Dataset entries:
(* Let $N\ge1$, $m=2$, $d=1$, and for every $t=1,\dots,N$ let $m_t=3$, $(q^{(t)}_1,q^{(t)}_2,q^{(t)}_3)=(0,1/2,3/2)$ and $\boldsymbol a^{(t)}=(1/3,1/3,1/3)$. Consider the point $X=(0,1)$, $\boldsymbol w=(1/3,2/3)$, and for all $t$, $\Pi^{(t)}$ with first row $(1/3,0,0)$ and second row $(0,1/3,1/3)$. Then: (i) with $X$ fixed, $(\boldsymbol w,\Pi^{(1)},\dots,\Pi^{(N)})$ is an optimal solution of the resulting linear program; (ii) with $(\boldsymbol w,\Pi^{(1)},\dots,\Pi^{(N)})$ fixed, $X$ minimizes the objective over $X\in\mathbb{R}^2$; (iii) nevertheless, this point is not a local minimum of the free support problem, and for every $\delta\in(0,1/2)$ there is a feasible point with $X=(\delta,1)$ and strictly smaller objective value.
   Context: Free support problem: given discrete measures with support points $q^{(t)}_j\in\mathbb{R}^d$ and weights $\boldsymbol a^{(t)}\in\mathbb{R}^{m_t}$ (nonnegative, summing to 1), $t=1,\dots,N$, minimize $\sum_{t=1}^N\sum_{i=1}^m\sum_{j=1}^{m_t}\pi^{(t)}_{ij}\|\boldsymbol x_i-\boldsymbol q^{(t)}_j\|^2$ over $X=(\boldsymbol x_1,\dots,\boldsymbol x_m)\in(\mathbb{R}^d)^m$, $\boldsymbol w\in\mathbb{R}^m$ and $\Pi^{(t)}=[\pi^{(t)}_{ij}]\in\mathbb{R}^{m\times m_t}$, subject to $\boldsymbol w\ge0$, $\boldsymbol 1_m^{\top}\boldsymbol w=1$, $\Pi^{(t)}\ge0$, $\Pi^{(t)}\boldsymbol 1_{m_t}=\boldsymbol w$, $(\Pi^{(t)})^{\top}\boldsymbol 1_m=\boldsymbol a^{(t)}$ for all $t$. For fixed $X$ this is a linear program in $(\boldsymbol w,\Pi^{(1)},\dots,\Pi^{(N)})$. A local minimum means a feasible point whose objective value is no larger than that of every feasible point in some neighborhood of it (in the joint variables). *)

From Stdlib Require Import Reals Lra Lia.
Open Scope R_scope.

Fixpoint sumR (n : nat) (f : nat -> R) : R :=
  match n with
  | O => 0
  | S k => sumR k f + f k
  end.

(* Data of the example: m = 2, d = 1, m_t = 3 for all t (indices from 0). *)
Definition m_sz : nat := 2.
Definition mt_sz : nat := 3.

Definition q (t j : nat) : R :=
  match j with
  | O => 0
  | S O => 1/2
  | _ => 3/2
  end.

Definition a (t j : nat) : R := 1/3.

(* Variables: X : nat -> R (x_i, i < 2), w : nat -> R (i < 2),
   P : nat -> nat -> nat -> R, P t i j = pi^(t)_{ij} (t < N, i < 2, j < 3). *)

Definition objective (N : nat) (X : nat -> R) (P : nat -> nat -> nat -> R) : R :=
  sumR N (fun t => sumR m_sz (fun i => sumR mt_sz (fun j =>
    P t i j * (X i - q t j) ^ 2))).

Definition feasible (N : nat) (w : nat -> R) (P : nat -> nat -> nat -> R) : Prop :=
  (forall i, (i < m_sz)%nat -> 0 <= w i) /\
  sumR m_sz w = 1 /\
  (forall t i j, (t < N)%nat -> (i < m_sz)%nat -> (j < mt_sz)%nat -> 0 <= P t i j) /\
  (forall t i, (t < N)%nat -> (i < m_sz)%nat -> sumR mt_sz (fun j => P t i j) = w i) /\
  (forall t j, (t < N)%nat -> (j < mt_sz)%nat -> sumR m_sz (fun i => P t i j) = a t j).

(* (X', w', P') lies in the open max-norm ball of radius eps around (X, w, P),
   only the relevant coordinates being considered. *)
Definition near (N : nat) (eps : R) (X w : nat -> R) (P : nat -> nat -> nat -> R)
    (X' w' : nat -> R) (P' : nat -> nat -> nat -> R) : Prop :=
  (forall i, (i < m_sz)%nat -> Rabs (X' i - X i) < eps) /\
  (forall i, (i < m_sz)%nat -> Rabs (w' i - w i) < eps) /\
  (forall t i j, (t < N)%nat -> (i < m_sz)%nat -> (j < mt_sz)%nat ->
     Rabs (P' t i j - P t i j) < eps).

Definition local_min (N : nat) (X w : nat -> R) (P : nat -> nat -> nat -> R) : Prop :=
  feasible N w P /\
  exists eps, 0 < eps /\
    forall X' w' P', feasible N w' P' -> near N eps X w P X' w' P' ->
      objective N X P <= objective N X' P'.

Definition X0 (i : nat) : R := match i with O => 0 | _ => 1 end.
Definition w0 (i : nat) : R := match i with O => 1/3 | _ => 2/3 end.
Definition P0 (t i j : nat) : R :=
  match i, j with
  | O, O => 1/3
  | O, _ => 0
  | _, O => 0
  | _, _ => 1/3
  end.
Definition Xdelta (delta : R) (i : nat) : R := match i with O => delta | _ => 1 end.

(* Since the data do not depend on t, the objective is a sum over t of one
   "block cost" per transport plan.  We prove:
   (i)  with X0 = (0,1) every plan with the prescribed column sums costs at
        least 1/6 per block, since each column j pays at least 1/3 times the
        squared distance from q_j to its nearest support point; P0 attains 1/6;
   (ii) with P0 fixed, the block cost is an explicit convex quadratic in X
        minimized at X0;
   (iii) the "transfer" plans P_transfer s, which move mass s of the middle
        column from x_2 to x_1, are feasible for 0 <= s <= 1/3 and have an
        explicit cost at X = (delta, 1).  Choosing s = delta (arbitrarily close
        to the point) refutes local minimality, and s = 1/3 gives the improving
        points for every delta in (0, 1/2). *)
From Stdlib Require Import Reals Lra Lia.
Open Scope R_scope.

Lemma sumR_le (n : nat) (f g : nat -> R) :
  (forall k, (k < n)%nat -> f k <= g k) -> sumR n f <= sumR n g.
Proof.
  induction n as [|n IH]; intros Hfg; simpl; [lra|].
  assert (sumR n f <= sumR n g) by (apply IH; intros; apply Hfg; lia).
  assert (f n <= g n) by (apply Hfg; lia).
  lra.
Qed.

Lemma sumR_ext (n : nat) (f g : nat -> R) :
  (forall k, (k < n)%nat -> f k = g k) -> sumR n f = sumR n g.
Proof.
  intros Hfg. apply Rle_antisym; apply sumR_le; intros k Hk; rewrite Hfg by exact Hk; lra.
Qed.

Lemma sumR_const (n : nat) (c : R) : sumR n (fun _ => c) = INR n * c.
Proof.
  induction n as [|n IH]; simpl sumR; [simpl; ring|].
  rewrite IH, S_INR; ring.
Qed.

(* Transport cost of one plan p; the support points q t are the same for
   every t, so the objective is the sum of the block costs of the P t. *)
Definition block_cost (X : nat -> R) (p : nat -> nat -> R) : R :=
  sumR m_sz (fun i => sumR mt_sz (fun j => p i j * (X i - q O j) ^ 2)).

Lemma objective_blocks (N : nat) (X : nat -> R) (P : nat -> nat -> nat -> R) :
  objective N X P = sumR N (fun t => block_cost X (P t)).
Proof. reflexivity. Qed.

Lemma objective_const_plan (N : nat) (X : nat -> R) (P : nat -> nat -> nat -> R) :
  (forall t, P t = P O) -> objective N X P = INR N * block_cost X (P O).
Proof.
  intros HP. rewrite objective_blocks, <- sumR_const.
  apply sumR_ext; intros t _; now rewrite HP.
Qed.

Lemma column_cost_lb (p0 p1 c u v : R) :
  0 <= p0 -> 0 <= p1 -> p0 + p1 = c -> p0 * u + p1 * v >= c * Rmin u v.
Proof.
  intros H0 H1 Hc. subst c.
  pose proof (Rmin_l u v). pose proof (Rmin_r u v). nra.
Qed.

(* (i) At X0, any plan with nonnegative entries and column sums a = 1/3 costs
   at least 1/6: columns 1 and 2 each lie at distance 1/2 from X0. *)
Lemma block_cost_X0_lb (p : nat -> nat -> R) :
  (forall i j, (i < m_sz)%nat -> (j < mt_sz)%nat -> 0 <= p i j) ->
  (forall j, (j < mt_sz)%nat -> sumR m_sz (fun i => p i j) = 1/3) ->
  1/6 <= block_cost X0 p.
Proof.
  intros Hnn Hcol. unfold m_sz, mt_sz in *.
  assert (Hcol_lb : forall j u v, (j < 3)%nat ->
            p 0%nat j * u + p 1%nat j * v >= 1/3 * Rmin u v).
  { intros j u v Hj. apply column_cost_lb; try (apply Hnn; lia).
    rewrite <- (Hcol j Hj); simpl; ring. }
  pose proof (Hcol_lb 0%nat 0 1 ltac:(lia)).
  pose proof (Hcol_lb 1%nat (1/4) (1/4) ltac:(lia)).
  pose proof (Hcol_lb 2%nat (9/4) (1/4) ltac:(lia)).
  pose proof (Hnn 0%nat 0%nat ltac:(lia) ltac:(lia)).
  rewrite Rmin_left in * by lra. rewrite Rmin_right in * by lra.
  unfold block_cost, X0, q; simpl. lra.
Qed.

Lemma block_cost_P0 (X : nat -> R) :
  block_cost X (P0 O) = X O ^ 2 / 3 + (X 1%nat - 1) ^ 2 * (2/3) + 1/6.
Proof. unfold block_cost, P0, q; simpl; field. Qed.

Lemma block_cost_P0_min (X : nat -> R) : block_cost X0 (P0 O) <= block_cost X (P0 O).
Proof.
  rewrite !block_cost_P0. unfold X0.
  pose proof (pow2_ge_0 (X O)). pose proof (pow2_ge_0 (X 1%nat - 1)). lra.
Qed.

Lemma feasible_P0 (N : nat) : feasible N w0 P0.
Proof.
  unfold feasible, m_sz, mt_sz, w0, P0, a; repeat split; simpl.
  - intros [|[|]] _; lra.
  - lra.
  - intros t [|[|]] [|[|[|]]] _ _ _; lra.
  - intros t [|[|]] _ Hi; lra || lia.
  - intros t [|[|[|]]] _ Hj; lra || lia.
Qed.

(* The transfer plan: mass s of the middle column q = 1/2 is moved from the
   second support point to the first; s = 0 is the plan P0. *)
Definition w_transfer (s : R) (i : nat) : R :=
  match i with O => 1/3 + s | _ => 2/3 - s end.
Definition P_transfer (s : R) (t i j : nat) : R :=
  match i, j with
  | O, O => 1/3 | O, S O => s | O, _ => 0
  | _, O => 0 | _, S O => 1/3 - s | _, _ => 1/3
  end.

Lemma feasible_transfer (N : nat) (s : R) :
  0 <= s <= 1/3 -> feasible N (w_transfer s) (P_transfer s).
Proof.
  intros Hs. unfold feasible, m_sz, mt_sz, w_transfer, P_transfer, a;
    repeat split; simpl.
  - intros [|[|]] _; lra.
  - lra.
  - intros t [|[|]] [|[|[|]]] _ _ _; lra.
  - intros t [|[|]] _ Hi; lra || lia.
  - intros t [|[|[|]]] _ Hj; lra || lia.
Qed.

Lemma near_transfer (N : nat) (eps s : R) :
  0 <= s < eps -> near N eps X0 w0 P0 (Xdelta s) (w_transfer s) (P_transfer s).
Proof.
  intros Hs. unfold near, m_sz, mt_sz, Xdelta, X0, w_transfer, w0, P_transfer, P0;
    repeat split.
  - intros [|[|]] _; apply Rabs_def1; lra.
  - intros [|[|]] _; apply Rabs_def1; lra.
  - intros t [|[|]] [|[|[|]]] _ _ _; apply Rabs_def1; lra.
Qed.

Lemma block_cost_transfer (delta s : R) :
  block_cost (Xdelta delta) (P_transfer s O) =
  1/6 + delta ^ 2 / 3 + s * (delta ^ 2 - delta).
Proof. unfold block_cost, Xdelta, P_transfer, q; simpl; field. Qed.

Lemma transfer_improves (N : nat) (delta s : R) :
  (1 <= N)%nat -> 0 < delta -> delta * (1/3 + s) < s ->
  objective N (Xdelta delta) (P_transfer s) < objective N X0 P0.
Proof.
  intros HN Hd Hds.
  rewrite !objective_const_plan by reflexivity.
  rewrite block_cost_transfer, block_cost_P0.
  assert (HNpos : 0 < INR N) by (apply lt_0_INR; lia).
  apply Rmult_lt_compat_l; [exact HNpos|]. unfold X0. nra.
Qed.

Lemma not_local_min_X0 (N : nat) : (1 <= N)%nat -> ~ local_min N X0 w0 P0.
Proof.
  intros HN [_ [eps [Heps Hmin]]].
  set (s := Rmin (eps / 2) (1/3)).
  assert (Hs_pos : 0 < s) by (apply Rmin_glb_lt; lra).
  assert (Hs_third : s <= 1/3) by apply Rmin_r.
  assert (Hs_eps : s <= eps / 2) by apply Rmin_l.
  assert (Hle := Hmin (Xdelta s) (w_transfer s) (P_transfer s)
           (feasible_transfer N s ltac:(lra)) (near_transfer N eps s ltac:(lra))).
  assert (Hlt := transfer_improves N s s HN Hs_pos ltac:(nra)).
  lra.
Qed.

Theorem mainTheorem8 (N : nat) (HN : (1 <= N)%nat) :
  (* (i) (w0, P0) is optimal for the LP with X = X0 fixed *)
  (feasible N w0 P0 /\
   forall w P, feasible N w P -> objective N X0 P0 <= objective N X0 P) /\
  (* (ii) X0 minimizes the objective with (w0, P0) fixed *)
  (forall X, objective N X0 P0 <= objective N X P0) /\
  (* (iii) not a local minimum, with explicit improving points *)
  (~ local_min N X0 w0 P0 /\
   forall delta, 0 < delta < 1/2 ->
     exists w P, feasible N w P /\ objective N (Xdelta delta) P < objective N X0 P0).
Proof.
  split; [split|split; [|split]].
  - apply feasible_P0.
  - intros w P [_ [_ [Hnn [_ Hcol]]]].
    rewrite (objective_const_plan N X0 P0) by reflexivity.
    rewrite objective_blocks, <- sumR_const.
    apply sumR_le; intros t Ht.
    replace (block_cost X0 (P0 O)) with (1/6) by (rewrite block_cost_P0; unfold X0; field).
    apply block_cost_X0_lb; intros; [apply Hnn | apply Hcol]; assumption.
  - intros X. rewrite !objective_const_plan by reflexivity.
    apply Rmult_le_compat_l; [apply pos_INR | apply block_cost_P0_min].
  - now apply not_local_min_X0.
  - intros delta Hd. exists (w_transfer (1/3)), (P_transfer (1/3)).
    split; [apply feasible_transfer; lra|].
    apply transfer_improves; [assumption | lra | nra].
Qed.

> **WHAT YOU WILL DO**
Find "(* (X', w', P') lies" in the entries above and copy that whole line exactly, then each line after it through the line that contains "(X' w' : nat".

> **COMPLETED TASK**
(* (X', w', P') lies in the open max-norm ball of radius eps around (X, w, P),
   only the relevant coordinates being considered. *)
Definition near (N : nat) (eps : R) (X w : nat -> R) (P : nat -> nat -> nat -> R)
    (X' w' : nat -> R) (P' : nat -> nat -> nat -> R) : Prop :=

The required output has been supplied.